The book adds at least one alternative class ability to each of the standard D&D classes, designed to make a character better at dealing with situations encountered in dungeons. The book also provides new feats, new alchemical and magical items, and also new gear options, many of which were adapted from older supplements such as the Dungeoneer's Survival Guide.

The book also includes three prestige classes: the beast heart adept, which combines a druid's affinity for animals with similar skills to harness and befriend monsters; the trapsmith, a master of dealing with and placing magical and mechanical traps; and the dungeon lord, who has a variety of powerful abilities while in the character's own dungeon.

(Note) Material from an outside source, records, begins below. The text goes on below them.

Lemma autocov_bound k : `|autocov k| <= (\sum_(y < n) `|g y|) ^+ 2.
Proof.
apply: le_trans (ler_norm_sum _ _ _) _.
apply: (@le_trans _ _ (\sum_(x < n) pi x * (\sum_(y < n) `|g y|) ^+ 2)).
  apply: ler_sum => x _; rewrite !normrM (ger0_norm (ltW (pipos x))) -mulrA.
  apply: ler_wpM2l; first exact: ltW.
  by rewrite expr2; apply: ler_pM => //; [exact: iter_mxact_bound | exact: (iter_mxact_bound 0)].
by rewrite -mulr_suml pisum mul1r.
Qed.

Lemma asym_var_poisson : \sum_(x < n) pi x * f x = 0 ->
  asym_var pi f P = 2 * dotpi pi g f - dotpi pi f f.
Proof.
move=> f0; set v := 2 * dotpi pi g f - dotpi pi f f.
set c := dotpi pi f f - 2 * autocov 2 - v.
apply: (@limn_eq_of_dist_le_inv _ _ _ (`|c| + 2 * (\sum_(y < n) `|g y|) ^+ 2)) => N.
rewrite var_sum_centred // second_moment_poisson.
have -> : (N%:R * v + dotpi pi f f - 2 * autocov 2 + 2 * autocov N.+2) / N.+1%:R - v
    = (c + 2 * autocov N.+2) / N.+1%:R.
  by rewrite /c -[N.+1]addn1 natrD; field; rewrite natr1 pnatr_eq0.
have inv_ge0 : 0 <= N.+1%:R^-1 :> R by rewrite invr_ge0 ler0n.
rewrite normrM (ger0_norm inv_ge0); apply: ler_wpM2r => //.
apply: le_trans (ler_normD _ _) _; apply: lerD => //.
by rewrite normrM ger0_norm ?ler0n // ler_wpM2l // autocov_bound.
Qed.

End PoissonSolution.
End PathMoments.

Section Mixtures.
Variables (R : realType) (n : nat) (pi : 'I_n -> R) (l : nat) (a : 'I_l -> R).

Lemma mix_entry (Q : 'I_l -> 'M[R]_n) x y :
  (\sum_(k < l) a k *: Q k) x y = \sum_(k < l) a k * Q k x y.
Proof. by rewrite summxE; apply: eq_bigr => k _; rewrite mxE. Qed.

Lemma dotpi_mxact_mix (Q : 'I_l -> 'M[R]_n) h :
  dotpi pi h (mxact (\sum_(k < l) a k *: Q k) h) = \sum_(k < l) a k * dotpi pi h (mxact (Q k) h).
Proof.
rewrite /dotpi /mxact.
under eq_bigr => x _ do under eq_bigr => y _ do rewrite mix_entry mulr_suml.
under eq_bigr => x _ do rewrite exchange_big mulr_sumr.
rewrite exchange_big /=; apply: eq_bigr => k _.
rewrite mulr_sumr; apply: eq_bigr => x _; rewrite !mulr_sumr.
by apply: eq_bigr => y _; ring.
Qed.

Lemma mix_reversible (Q : 'I_l -> 'M[R]_n) :
  (forall k, reversible pi (Q k)) -> reversible pi (\sum_(k < l) a k *: Q k).
Proof.
move=> Qr x y; rewrite !mix_entry !mulr_sumr; apply: eq_bigr => k _.
by rewrite mulrCA Qr mulrCA.
Qed.
(* Let M = lam I - A and N = adj M.  As det M = 0 we have M N = 0, and since
   N u u = phi (A - u, lam) <> 0 the kernel of M is spanned by the column
   N(., u); with the symmetry of N this gives N v u ^ 2 = phi (A - v, lam)
   phi (A - u, lam), and Jacobi's formula phi'(A, lam) = tr N turns the sum
   over v into phi (A - u, lam) phi'(A, lam).  Suitable multiples of that column
   are thus beta and gamma.  Finally, expanding N v u along column u, with the
   vertices already visited deleted, only the neighbour of u on the unique
   u-v path of the forest contributes, whence N v u = W(P) phi (A - P, lam),
   and N v u = 0 when no such path exists. *)

Section AdjugateExpansion.
Variables (T : comNzRingType) (n : nat).
Implicit Types (X Y : 'M[T]_n) (S : {set 'I_n}).

Definition row_delta X i j : 'M[T]_n :=
  \matrix_(k, l) if k == i then (j == l)%:R else X k l.

(* The principal submatrix on [S], padded with the identity so that shrinking
   [S] keeps the size [n]. *)
Definition principal_mx S X : 'M[T]_n :=
  \matrix_(i, j) if (i \in S) && (j \in S) then X i j else (i == j)%:R.

Lemma det_row_delta X i j : \det (row_delta X i j) = \adj X j i.
Proof.
rewrite (expand_det_row _ i) (bigD1 j) //= big1 ?addr0; last first.
  by move=> l /negPf jl; rewrite mxE eqxx eq_sym jl mul0r.
rewrite mxE !eqxx mul1r [RHS]mxE /cofactor; congr (_ * \det _).
by apply/matrixP => k l; rewrite !mxE eq_sym (negPf (neq_lift i k)).
Qed.

Lemma eq_det_unit_row X Y i j :
  (forall l, X i l = (j == l)%:R) -> (forall l, Y i l = (j == l)%:R) ->
  (forall k l, k != i -> l != j -> X k l = Y k l) -> \det X = \det Y.
Proof.
move=> Xi Yi XY; rewrite (expand_det_row X i) (expand_det_row Y i).
apply: eq_bigr => l _; rewrite Xi Yi.
have [<-|_] := eqVneq j l; last by rewrite !mul0r.
congr (_ * (_ * \det _)); apply/matrixP => a b; rewrite !mxE.
by apply: XY; rewrite eq_sym neq_lift.
Qed.

Lemma det_xrow X i k : i != k -> \det (xrow i k X) = - \det X.
Proof. by move=> ik; rewrite xrowE det_mulmx det_perm odd_tperm ik expr1 mulN1r. Qed.

Lemma principal_mxT X : principal_mx setT X = X.
Proof. by apply/matrixP => i j; rewrite mxE !in_setT. Qed.

Lemma principal_mx_comp S S' X :
  principal_mx S' (principal_mx S X) = principal_mx (S :&: S') X.
Proof.
apply/matrixP => i j; rewrite !mxE !inE.
by case: (i \in S'); case: (j \in S'); case: (i \in S); case: (j \in S);
  rewrite //= ?andbF.
Qed.

Lemma adj_diag X u : \adj X u u = \det (principal_mx [set~ u] X).
Proof.
rewrite -det_row_delta; apply: (@eq_det_unit_row _ _ u u) => [l|l|k l ku lu].
- by rewrite mxE eqxx.
- by rewrite mxE !inE eqxx.
by rewrite !mxE !inE (negPf ku) lu.
Qed.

Dungeonscape has an entire chapter devoted to traps, devoted mostly to encounter traps, which function more like combat encounters - a concept introduced in Secrets of Xen'drik. Also included are rules to present high level standard traps, and information on how to design complex traps and other hazards.

The book also focuses on designing traditional dungeons, and stranger locations as well, and gives ideas on both mundane and unusual things to include in a dungeon. The book features monsters, including the ascomoid and rot grub swarm, and templates to import them into a dungeon or make them more deadly inhabitants.

==Publication history==
Dungeonscape was released in February 2007, and was written by Jason Bulmahn and Rich Burlew. Cover art was by Michael Komarck, with interior art by Steven Belledin, Miguel Coimbra, Daarken, Wayne England, Emily Fiegenschuh, Carl Frank, Brian Hagan, Jon Hodgson, Ralph Horsley, Warren Mahy, Torstein Nordstrand, David Roach, and Franz Vohwinkel.

Bulmahn used the Tomb of Horrors module, as well as Indiana Jones, as inspiration for some of the traps in Dungeonscape. When deciding on equipment options for the book, the designers tried to focus on noncombat utility, and added items that help an adventurer deal with the sort of physical obstructions that are commonly found in dungeons.